(* A bag generation process $P(s\mid y,x)$ is reconstructible if and only if, for every $x\in\mathcal{X}$, the vectors $\mathbf{p}_{1,x},\mathbf{p}_{2,x},\dots,\mathbf{p}_{|\mathcal{Y}|,x}\in\mathbb{R}^{|\mathcal{S}|}$ are linearly independent.
   Context: Let $\mathcal{X}$ be an instance space, $\mathcal{Y}=\{1,\dots,c\}$ a finite label set, and $\mathcal{S}=2^{\mathcal{Y}}=\{s_1,\dots,s_{|\mathcal{S}|}\}$ the set of bags of labels. A bag generation process is a family of conditional probability distributions $P(\cdot\mid y,x)$ on $\mathcal{S}$, one for each $y\in\mathcal{Y}$, $x\in\mathcal{X}$. For $i\in\mathcal{Y}$ and $x\in\mathcal{X}$ let $\mathbf{p}_{i,x}=(P(s_1\mid i,x),P(s_2\mid i,x),\dots,P(s_{|\mathcal{S}|}\mid i,x))^\top\in\mathbb{R}^{|\mathcal{S}|}$. Let $\Delta(\mathcal{Y})$ denote the set of probability distributions on $\mathcal{Y}$. The bag generation process is called reconstructible if for every $x\in\mathcal{X}$ and all $Q_1,Q_2\in\Delta(\mathcal{Y})$, the equality $\sum_{y\in\mathcal{Y}}P(s\mid y,x)Q_1(y)=\sum_{y\in\mathcal{Y}}P(s\mid y,x)Q_2(y)$ for all $s\in\mathcal{S}$ implies $\arg\max_{y\in\mathcal{Y}}Q_1(y)=\arg\max_{y\in\mathcal{Y}}Q_2(y)$ (equality of sets). *)

From HB Require Import structures.
From mathcomp Require Import all_boot all_order all_algebra.
From mathcomp Require Import reals.
Set Implicit Arguments. Unset Strict Implicit. Unset Printing Implicit Defensive.
Import Order.TTheory GRing.Theory Num.Theory.
Local Open Scope ring_scope.

(* Labels Y = {1,...,c} are represented by 'I_c; bags S = 2^Y by {set 'I_c}.
   A bag generation process: P x y s = P(s | y, x). *)

Definition is_distr (R : realType) (T : finType) (Q : T -> R) : Prop :=
  (forall t, 0 <= Q t) /\ \sum_(t : T) Q t = 1.

Definition bag_process (R : realType) (X : Type) (c : nat)
  (P : X -> 'I_c -> {set 'I_c} -> R) : Prop :=
  forall x y, is_distr (P x y).

Definition argmax_set (R : realType) (c : nat) (Q : 'I_c -> R) : {set 'I_c} :=
  [set y | [forall y', Q y' <= Q y]].

Definition reconstructible (R : realType) (X : Type) (c : nat)
  (P : X -> 'I_c -> {set 'I_c} -> R) : Prop :=
  forall (x : X) (Q1 Q2 : 'I_c -> R), is_distr Q1 -> is_distr Q2 ->
    (forall s : {set 'I_c}, \sum_(y < c) P x y s * Q1 y = \sum_(y < c) P x y s * Q2 y) ->
    argmax_set Q1 = argmax_set Q2.

Definition pvec (R : realType) (X : Type) (c : nat)
  (P : X -> 'I_c -> {set 'I_c} -> R) (x : X) (i : 'I_c)
  : 'rV[R]_#|{set 'I_c}| :=
  \row_(j < #|{set 'I_c}|) P x i (enum_val j).

From HB Require Import structures.
From mathcomp Require Import all_boot all_order all_algebra.
From mathcomp Require Import reals.
Import Order.TTheory GRing.Theory Num.Theory.
Set Implicit Arguments. Unset Strict Implicit. Unset Printing Implicit Defensive.
Local Open Scope ring_scope.

(* If the p_{i,x} are free, equal mixtures force Q1 = Q2.  Conversely, a
   nontrivial kernel vector k sums to 0 (each P(. | y, x) has mass 1), so a
   small multiple of it perturbs the uniform distribution into another
   distribution with the same mixture; the uniform argmax is all of Y, so the
   argmax of the perturbation, which is that of k, must be all of Y too,
   making k constant, hence 0. *)

Lemma free_map_ordP (K : fieldType) (V : vectType K) (c : nat) (f : 'I_c -> V) :
  free [seq f i | i <- enum 'I_c] <->
  (forall k : 'I_c -> K, \sum_(i < c) k i *: f i = 0 -> forall i, k i = 0).
Proof.
have -> : [seq f i | i <- enum 'I_c] = map_tuple f (ord_tuple c) by [].
have combE (k : 'I_c -> K) :
    \sum_(i < c) k i *: (map_tuple f (ord_tuple c))`_i = \sum_(i < c) k i *: f i.
  by apply: eq_bigr => i _; rewrite /= (nth_map i) ?size_enum_ord // nth_ord_enum.
split => [/freeP free_f k | free_f].
  by rewrite -combE => /free_f.
by apply/freeP => k; rewrite combE; apply: free_f.
Qed.

Section FiniteDistributions.
Variables (R : realType) (c : nat).
Implicit Types (Q k : 'I_c -> R) (u t : R).

Lemma argmax_set_cst u : argmax_set (fun _ : 'I_c => u) = setT.
Proof. by apply/setP => y; rewrite !inE; apply/forallP. Qed.

Lemma argmax_set_affine u t k :
  0 < t -> argmax_set (fun y => u + t * k y) = argmax_set k.
Proof.
move=> t_gt0; apply/setP => y; rewrite !inE.
by apply: eq_forallb => z; rewrite lerD2l ler_pM2l.
Qed.

Lemma argmax_setT_cst Q : argmax_set Q = setT -> forall y z, Q y = Q z.
Proof.
move=> QT y z; have max_at w : w \in argmax_set Q by rewrite QT inE.
move: (max_at y) (max_at z); rewrite !inE => /forallP/(_ z) Qzy /forallP/(_ y) Qyz.
by apply/eqP; rewrite eq_le Qyz Qzy.
Qed.

Lemma cst_sum_eq0 k : (forall y z, k y = k z) -> \sum_(y < c) k y = 0 ->
  forall y, k y = 0.
Proof.
move=> k_cst + y; under eq_bigr => z _ do rewrite (k_cst z y).
rewrite sumr_const card_ord => /eqP; rewrite mulrn_eq0 => /orP[|/eqP //].
by move/eqP => c0; have := ltn_ord y; rewrite [X in (_ < X)%N]c0.
Qed.

Lemma uniform_distr : (0 < c)%N -> is_distr (fun _ : 'I_c => c%:R^-1 : R).
Proof.
move=> c_gt0; split => [y|]; first by rewrite invr_ge0 ler0n.
have c_neq0 : c%:R != 0 :> R by rewrite pnatr_eq0 -lt0n.
by rewrite sumr_const card_ord -[in RHS](mulVf c_neq0) mulr_natr.
Qed.

Lemma perturbed_uniform_distr k : (0 < c)%N -> \sum_(y < c) k y = 0 ->
  exists2 t, 0 < t & is_distr (fun y => c%:R^-1 + t * k y).
Proof.
move=> c_gt0 sum_k0; pose u : R := c%:R^-1; pose M := 1 + \sum_(y < c) `|k y|.
have u_gt0 : 0 < u by rewrite invr_gt0 ltr0n.
have M_gt0 : 0 < M by rewrite ltr_pwDl // sumr_ge0.
have kM y : `|k y| <= M.
  by rewrite /M (bigD1 y) //= addrCA lerDl addr_ge0 // sumr_ge0.
(* with t := u / M, the perturbation is u / M * (M + k y) and |k y| <= M *)
exists (u / M); first by rewrite divr_gt0.
split => [y|]; last first.
  by rewrite big_split /= -mulr_sumr sum_k0 mulr0 addr0; case: (uniform_distr c_gt0).
rewrite -[u in u + _](divfK (lt0r_neq0 M_gt0)) -mulrDr mulr_ge0 //.
  by rewrite divr_ge0 // ltW.
by rewrite -[k y]opprK subr_ge0 (le_trans _ (kM y)) // -normrN ler_norm.
Qed.

End FiniteDistributions.

Section Mixture.
Variables (R : realType) (X : Type) (c : nat) (P : X -> 'I_c -> {set 'I_c} -> R).

Definition mixture (x : X) (Q : 'I_c -> R) (s : {set 'I_c}) : R :=
  \sum_(y < c) P x y s * Q y.

Lemma mixtureB x Q1 Q2 s :
  mixture x (fun y => Q1 y - Q2 y) s = mixture x Q1 s - mixture x Q2 s.
Proof. by rewrite /mixture -sumrB; apply: eq_bigr => y _; rewrite mulrBr. Qed.

Lemma mixture_affine x u t k s :
  mixture x (fun y => u + t * k y) s = mixture x (fun=> u) s + t * mixture x k s.
Proof.
rewrite /mixture mulr_sumr -big_split; apply: eq_bigr => y _.
by rewrite mulrDr mulrCA.
Qed.

Lemma sum_mixture x Q : bag_process P ->
  \sum_(s : {set 'I_c}) mixture x Q s = \sum_(y < c) Q y.
Proof.
move=> bagP; rewrite exchange_big; apply: eq_bigr => y _.
by rewrite -mulr_suml (proj2 (bagP x y)) mul1r.
Qed.

Lemma free_pvecP x :
  free [seq pvec P x i | i <- enum 'I_c] <->
  (forall k, (forall s, mixture x k s = 0) -> forall i, k i = 0).
Proof.
rewrite free_map_ordP.
have combE k s : (\sum_(i < c) k i *: pvec P x i) 0 (enum_rank s) = mixture x k s.
  by rewrite summxE; apply: eq_bigr => i _; rewrite !mxE enum_rankK mulrC.
split => free_p k mix_k0; apply: free_p.
  by apply/rowP => j; rewrite -(enum_valK j) combE mix_k0 mxE.
by move=> s; rewrite -combE mix_k0 mxE.
Qed.

Lemma free_pvec_reconstructible x Q1 Q2 :
  free [seq pvec P x i | i <- enum 'I_c] ->
  (forall s, mixture x Q1 s = mixture x Q2 s) -> argmax_set Q1 = argmax_set Q2.
Proof.
move=> /free_pvecP free_p mix_eq.
have Q12 y : Q1 y = Q2 y.
  apply/eqP; rewrite -subr_eq0; apply/eqP.
  by apply: (free_p (fun z => Q1 z - Q2 z)) => s; rewrite mixtureB mix_eq subrr.
by apply/setP => y; rewrite !inE; apply: eq_forallb => z; rewrite !Q12.
Qed.

Lemma reconstructible_free_pvec x : bag_process P -> reconstructible P ->
  free [seq pvec P x i | i <- enum 'I_c].
Proof.
move=> bagP recP; apply/free_pvecP => k mix_k0 i.
have c_gt0 : (0 < c)%N := leq_ltn_trans (leq0n i) (ltn_ord i).
have sum_k0 : \sum_(y < c) k y = 0.
  by rewrite -(sum_mixture x k bagP) big1.
have [t t_gt0 distr_t] := perturbed_uniform_distr c_gt0 sum_k0.
have := recP x _ _ (uniform_distr R c_gt0) distr_t.
rewrite argmax_set_cst argmax_set_affine // => argmax_k.
apply: (cst_sum_eq0 _ sum_k0); apply/argmax_setT_cst/esym/argmax_k.
by move=> s; rewrite -[RHS]/(mixture x _ s) mixture_affine mix_k0 mulr0 addr0.
Qed.

End Mixture.

Theorem theorem1 (R : realType) (X : Type) (c : nat)
  (P : X -> 'I_c -> {set 'I_c} -> R) :
  bag_process P ->
  (reconstructible P <->
   forall x : X, free [seq pvec P x i | i <- enum 'I_c]).
Proof.
move=> bagP; split => [recP x | free_p x Q1 Q2 _ _].
  exact: reconstructible_free_pvec.
exact: free_pvec_reconstructible (free_p x).
Qed.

● ● ●

(TASK STATEMENT): Respond with an exact reproduction of the lines running from the one that contains "End Mixture." through the end of the material.

(OUTPUT):
End Mixture.

Theorem theorem1 (R : realType) (X : Type) (c : nat)
  (P : X -> 'I_c -> {set 'I_c} -> R) :
  bag_process P ->
  (reconstructible P <->
   forall x : X, free [seq pvec P x i | i <- enum 'I_c]).
Proof.
move=> bagP; split => [recP x | free_p x Q1 Q2 _ _].
  exact: reconstructible_free_pvec.
exact: free_pvec_reconstructible (free_p x).
Qed.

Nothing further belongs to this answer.